Provided entries:
Lemma analytic_max_modulus (f : k -> k) (s t : k) (B : R) : analytic_on_D abs f ->
  inD abs s -> s != 0 -> abs t <= abs s ->
  (forall x, abs x = abs s -> abs (f x) <= B) -> abs (f t) <= B.
Proof.
move=> [c Hc] Ds s0 ts HB.
have s_gt0 := abs_gt0 Habs s0.
have [s' /andP[ss' s'1]] : exists s', abs s < abs s' < 1.
  by apply: exists_abs_between; [exists s; rewrite s_gt0 | exact: abs_ge0 | |].
have [K [K0 HK]] := analytic_tail_le Habs Hc s'1.
set rho := abs s / abs s'.
have s'_gt0 : 0 < abs s' by apply: lt_trans ss'.
have rho01 : 0 <= rho < 1.
  by apply/andP; split; [exact: divr_ge0 (ltW s_gt0) (ltW s'_gt0) | rewrite ltr_pdivrMr ?mul1r].
have rho1 : 0 < 1 - rho by case/andP: rho01 => _; rewrite subr_gt0.
apply/ler_addgt0Pr => e e0.
have [n Hn] : exists n, rho ^+ n < e / 2 * (1 - rho) / (K + 1).
  by apply: exists_expr_lt rho01 _; rewrite !divr_gt0 ?mulr_gt0 //; lra.
have close x : abs x <= abs s -> abs (f x - psum c n x) <= e / 2.
  move=> xs; apply: le_trans (HK x rho n rho01 _) _; first by rewrite divfK ?gt_eqF.
  rewrite ler_pdivrMr // (le_trans (_ : _ <= (K + 1) * rho ^+ n)) //.
    by rewrite ler_wpM2r ?exprn_ge0 //; [case/andP: rho01 | lra].
  by rewrite mulrC -ler_pdivlMr ?ltW //; lra.
have Pt : abs (psum c n t) <= B + e / 2.
  rewrite /psum -horner_poly; apply: poly_max_modulus s0 ts _ => x xs.
  have xs' : abs x <= abs s by rewrite xs.
  rewrite horner_poly; have := close x xs'; have := HB x xs.
  have := abs_le_addB Habs (psum c n x) (f x); rewrite (absC Habs); lra.
have := close t ts; have := abs_le_addB Habs (f t) (psum c n t); lra.
Qed.

Lemma analytic_le_at0 (f : k -> k) (r B : R) : analytic_on_D abs f ->
  nontrivial_absval abs -> 0 < r ->
  (forall x, 0 < abs x < r -> abs (f x) <= B) -> abs (f 0) <= B.
Proof.
move=> [c Hc] nt r0 HB; have [s /andP[s_gt0 s1]] := nt.
have [K [K0 HK]] := analytic_tail_le Habs Hc s1.
have psum1 x : psum c 1 x = c 0%N by rewrite /psum big_ord1 expr0 mulr1.
have f0 : f 0 = c 0%N.
  have := HK 0 0 1%N; rewrite (abs0 Habs) mul0r lexx ltr01 expr1 mulr0 mul0r psum1 => /(_ isT isT).
  by move=> h; apply/eqP; rewrite -subr_eq0; apply/eqP/(abs_eq0 Habs)/eqP; rewrite eq_le h abs_ge0.
apply/ler_addgt0Pr => e e0.
set rho := Num.min (2^-1) (e / (2 * (K + 1))).
have rho0 : 0 < rho by rewrite lt_min invr_gt0 ltr0n divr_gt0 //; lra.
have rho_half : rho <= 2^-1 by rewrite ge_min lexx.
have rho_e : rho <= e / (2 * (K + 1)) by rewrite ge_min lexx orbT.
have [x /andP[x0 xb]] : exists x, 0 < abs x < Num.min r (rho * abs s).
  apply: exists_abs_between nt 0 _ (lexx 0) _ _; first by rewrite lt_min r0 mulr_gt0.
  by rewrite ge_min; apply/orP; right; nra.
move: xb; rewrite lt_min => /andP[xr xs].
have := HK x rho 1%N; rewrite psum1 expr1 -f0 => /(_ _ (ltW xs)).
have rho01 : 0 <= rho < 1 by rewrite ltW //=; lra.
move=> /(_ rho01) fx; have := HB x (introT andP (conj x0 xr)).
have : K * rho / (1 - rho) <= e.
  rewrite ler_pdivrMr; last by lra.
  rewrite ler_pdivlMr in rho_e; last by lra.
  nra.
have := abs_le_addB Habs (f 0) (f x); rewrite (absC Habs); lra.
Qed.
(* Let $\mathbb{Y}=\sum_{(i,j)\in D_{\mathbb{X}}}m_{ij}P_{ij}$ be an ACM fat point scheme in $\mathbb{P}^1\times\mathbb{P}^1$ over a field $K$ of characteristic zero, supported at $\mathbb{X}$, with coordinates chosen so that $x_0,y_0$ is a regular sequence in $R_{\mathbb{Y}}$, and let $\vartheta_{\mathbb{Y}}$ be its Kähler different. Then: (a) For all $(i,j)\in\mathbb{N}^2$, $\operatorname{HF}_{\vartheta_{\mathbb{Y}}}(i,j)\le\operatorname{HF}_{\vartheta_{\mathbb{Y}}}(i+1,j)$ and $\operatorname{HF}_{\vartheta_{\mathbb{Y}}}(i,j)\le\operatorname{HF}_{\vartheta_{\mathbb{Y}}}(i,j+1)$. (b) $\operatorname{HF}_{\vartheta_{\mathbb{Y}}}=0$ if and only if $m_{ij}\ge2$ for all $P_{ij}\in\mathbb{X}$. (c) If $s'$ is the number of points $P_{ij}\in\mathbb{X}$ with $m_{ij}=1$, then $\operatorname{HF}_{\vartheta_{\mathbb{Y}}}(i,j)=s'$ for all sufficiently large $i,j$.
   Context: $S=K[X_0,X_1,Y_0,Y_1]$ with $\deg X_i=(1,0)$, $\deg Y_i=(0,1)$. For a finite set $\mathbb{X}$ of distinct $K$-rational points of $\mathbb{P}^1\times\mathbb{P}^1$, $P_{ij}=Q_i\times R_j$, $D_{\mathbb{X}}=\{(i,j)\mid P_{ij}\in\mathbb{X}\}$, $\wp_{ij}$ the vanishing ideal of $P_{ij}$; for $m_{ij}\ge1$, $I_{\mathbb{Y}}=\bigcap\wp_{ij}^{m_{ij}}$, $R_{\mathbb{Y}}=S/I_{\mathbb{Y}}$, $x_i,y_i$ the images of $X_i,Y_i$; $\mathbb{Y}$ is ACM if $R_{\mathbb{Y}}$ is Cohen–Macaulay (then after linear changes of coordinates in $\{X_0,X_1\}$ and in $\{Y_0,Y_1\}$ one may assume $x_0,y_0$ is a regular sequence). The Kähler different $\vartheta_{\mathbb{Y}}$ is the initial Fitting ideal of $\Omega^1_{R_{\mathbb{Y}}/K[x_0,y_0]}$: if $F_1,\dots,F_u$ are bihomogeneous generators of $I_{\mathbb{Y}}$, it is the bihomogeneous ideal of $R_{\mathbb{Y}}$ generated by the residue classes of the $2\times2$ minors $\frac{\partial F_a}{\partial X_1}\frac{\partial F_b}{\partial Y_1}-\frac{\partial F_b}{\partial X_1}\frac{\partial F_a}{\partial Y_1}$. $\operatorname{HF}_{\vartheta_{\mathbb{Y}}}(i,j)=\dim_K(\vartheta_{\mathbb{Y}})_{i,j}$. *)

From mathcomp Require Import all_boot all_order all_algebra.
From mathcomp Require Import mpoly.
From Stdlib Require Import ClassicalEpsilon.

Set Implicit Arguments.
Unset Strict Implicit.
Unset Printing Implicit Defensive.

Import GRing.Theory.
Local Open Scope ring_scope.

Section Defs.
Variable K : fieldType.

Definition S := {mpoly K[4]}.
Definition vX0 : 'I_4 := inord 0.
Definition vX1 : 'I_4 := inord 1.
Definition vY0 : 'I_4 := inord 2.
Definition vY1 : 'I_4 := inord 3.
Definition X0 : S := 'X_vX0.
Definition X1 : S := 'X_vX1.
Definition Y0 : S := 'X_vY0.
Definition Y1 : S := 'X_vY1.

Definition bideg (mo : 'X_{1..4}) : nat * nat :=
  ((mo vX0 + mo vX1)%N, (mo vY0 + mo vY1)%N).

(* f is bihomogeneous of bidegree d (0 is bihomogeneous of every bidegree) *)
Definition bihom (d : nat * nat) (f : S) : Prop :=
  forall mo, mo \in msupp f -> bideg mo = d.

Definition ideal_gen (gs : seq S) (f : S) : Prop :=
  exists cs : seq S, size cs = size gs /\
    f = \sum_(k < size gs) cs`_k * gs`_k.

(* A point Q = [a0 : a1] of P^1 is given by homogeneous coordinates (a0,a1).
   The linear form a1 X - a0 X' vanishes exactly at Q. *)
Definition lin_form (a : K * K) (U V : S) : S := a.2 *: U - a.1 *: V.

Definition wp_gens (q r : K * K) : seq S :=
  [:: lin_form q X0 X1; lin_form r Y0 Y1].

Definition wp_pow_gens (q r : K * K) (m : nat) : seq S :=
  [seq (lin_form q X0 X1) ^+ k * (lin_form r Y0 Y1) ^+ (m - k) | k <- iota 0 m.+1].

Definition in_wp_pow (q r : K * K) (m : nat) (f : S) : Prop :=
  ideal_gen (wp_pow_gens q r m) f.

Definition in_IY (r t : nat) (Q : 'I_r -> K * K) (R : 'I_t -> K * K)
  (D : {set 'I_r * 'I_t}) (m : 'I_r -> 'I_t -> nat) (f : S) : Prop :=
  forall p, p \in D -> in_wp_pow (Q p.1) (R p.2) (m p.1 p.2) f.

(* distinct points of P^1, given by nonzero coordinate vectors
   that are pairwise non-proportional *)
Definition distinct_P1 (n : nat) (Q : 'I_n -> K * K) : Prop :=
  (forall i, Q i != (0, 0)) /\
  (forall i j, i != j -> (Q i).1 * (Q j).2 != (Q i).2 * (Q j).1).

(* x0, y0 (residue classes of X0, Y0) form a regular sequence in S / I,
   where I is given by the membership predicate inI *)
Definition regular_x0_y0 (inI : S -> Prop) : Prop :=
  (forall f : S, inI (X0 * f) -> inI f) /\
  (forall f : S, (exists g h, Y0 * f = g + X0 * h /\ inI g) ->
                 (exists g h, f = g + X0 * h /\ inI g)) /\
  ~ (exists g h1 h2, 1 = g + X0 * h1 + Y0 * h2 /\ inI g).

Definition kahler_minors (F : seq S) : seq S :=
  [seq mderiv vX1 Fa * mderiv vY1 Fb - mderiv vX1 Fb * mderiv vY1 Fa
   | Fa <- F, Fb <- F].

(* membership in the preimage in S of the Kähler different:
   (minors) + I *)
Definition in_kahler_pre (inI : S -> Prop) (F : seq S) (f : S) : Prop :=
  exists g h, f = g + h /\ inI g /\ ideal_gen (kahler_minors F) h.

(* d is the K-dimension of (A_d + I_d) / I_d for a bidegree d, i.e. of the
   image of A_d in (S/I)_d : d is the maximal size of a family of
   bihomogeneous elements of A of bidegree dg that is K-linearly independent
   modulo I *)
Definition indep_mod (inI : S -> Prop) (s : seq S) : Prop :=
  forall c : 'I_(size s) -> K,
    inI (\sum_(k < size s) c k *: s`_k) -> forall k, c k = 0.

Definition is_qdim (inA inI : S -> Prop) (dg : nat * nat) (n : nat) : Prop :=
  (exists s : seq S, size s = n /\ (forall f, f \in s -> inA f /\ bihom dg f)
                     /\ indep_mod inI s) /\
  (forall s : seq S, (forall f, f \in s -> inA f /\ bihom dg f) ->
                     indep_mod inI s -> (size s <= n)%N).

Definition qdim (inA inI : S -> Prop) (dg : nat * nat) : nat :=
  epsilon (inhabits 0%N) (is_qdim inA inI dg).

Definition HF_kahler (inI : S -> Prop) (F : seq S) (i j : nat) : nat :=
  qdim (in_kahler_pre inI F) inI (i, j).

End Defs.

(* Write wp_P = (linX q, linY r) for the ideal of a point P = (q, r), so that
   I_Y is the intersection of the wp_P^(m_P).  Products of linear forms through
   the other points give for each P a separator, vanishing to order m_P' at every
   other point P' but not at P.  Regularity of x0, y0 forces x0(P), y0(P) <> 0:
   otherwise a separator times a power of a linear form would lie in I_Y although
   it vanishes to too low an order along a coordinate line.  Hence a
   bihomogeneous form vanishing at P lies in wp_P.  At a point with m >= 2 every
   Jacobian minor of I_Y lies in wp^(2m-2), inside wp^m; so an element of the
   Kahler different vanishing at the s' simple points lies in I_Y, and evaluation
   there embeds each graded piece of the different into K^s'.  At a simple point
   the minor of (linX U, linY U), U a separator, takes the value
   q0 r0 U(P)^2 <> 0, and shifting these elements by powers of x0 y0 makes the
   embedding onto in large bidegrees.  Multiplication by the nonzerodivisors x0
   and y0 gives the monotonicity. *)

From HB Require Import structures.
From mathcomp Require Import all_boot all_order all_algebra.
From mathcomp Require Import mpoly.
From Stdlib Require Import ClassicalEpsilon.
From mathcomp Require Import zify ring.

Set Implicit Arguments.
Unset Strict Implicit.
Unset Printing Implicit Defensive.

Import GRing.Theory.
Local Open Scope ring_scope.

Section Ideals.
Variable K : fieldType.
Local Notation S := (S K).

Definition is_ideal (P : S -> Prop) : Prop :=
  [/\ P 0, forall f g, P f -> P g -> P (f + g) & forall a f, P f -> P (a * f)].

Task objective: Copy the lines of the data above exactly as written, beginning with the line containing "[:: lin_form q X0 X1; lin_form r Y0 Y1]." and ending with the line containing "Definition in_IY (r", and leave out all other lines.

Result of the exercise:
  [:: lin_form q X0 X1; lin_form r Y0 Y1].

Definition wp_pow_gens (q r : K * K) (m : nat) : seq S :=
  [seq (lin_form q X0 X1) ^+ k * (lin_form r Y0 Y1) ^+ (m - k) | k <- iota 0 m.+1].

Definition in_wp_pow (q r : K * K) (m : nat) (f : S) : Prop :=
  ideal_gen (wp_pow_gens q r m) f.

Definition in_IY (r t : nat) (Q : 'I_r -> K * K) (R : 'I_t -> K * K)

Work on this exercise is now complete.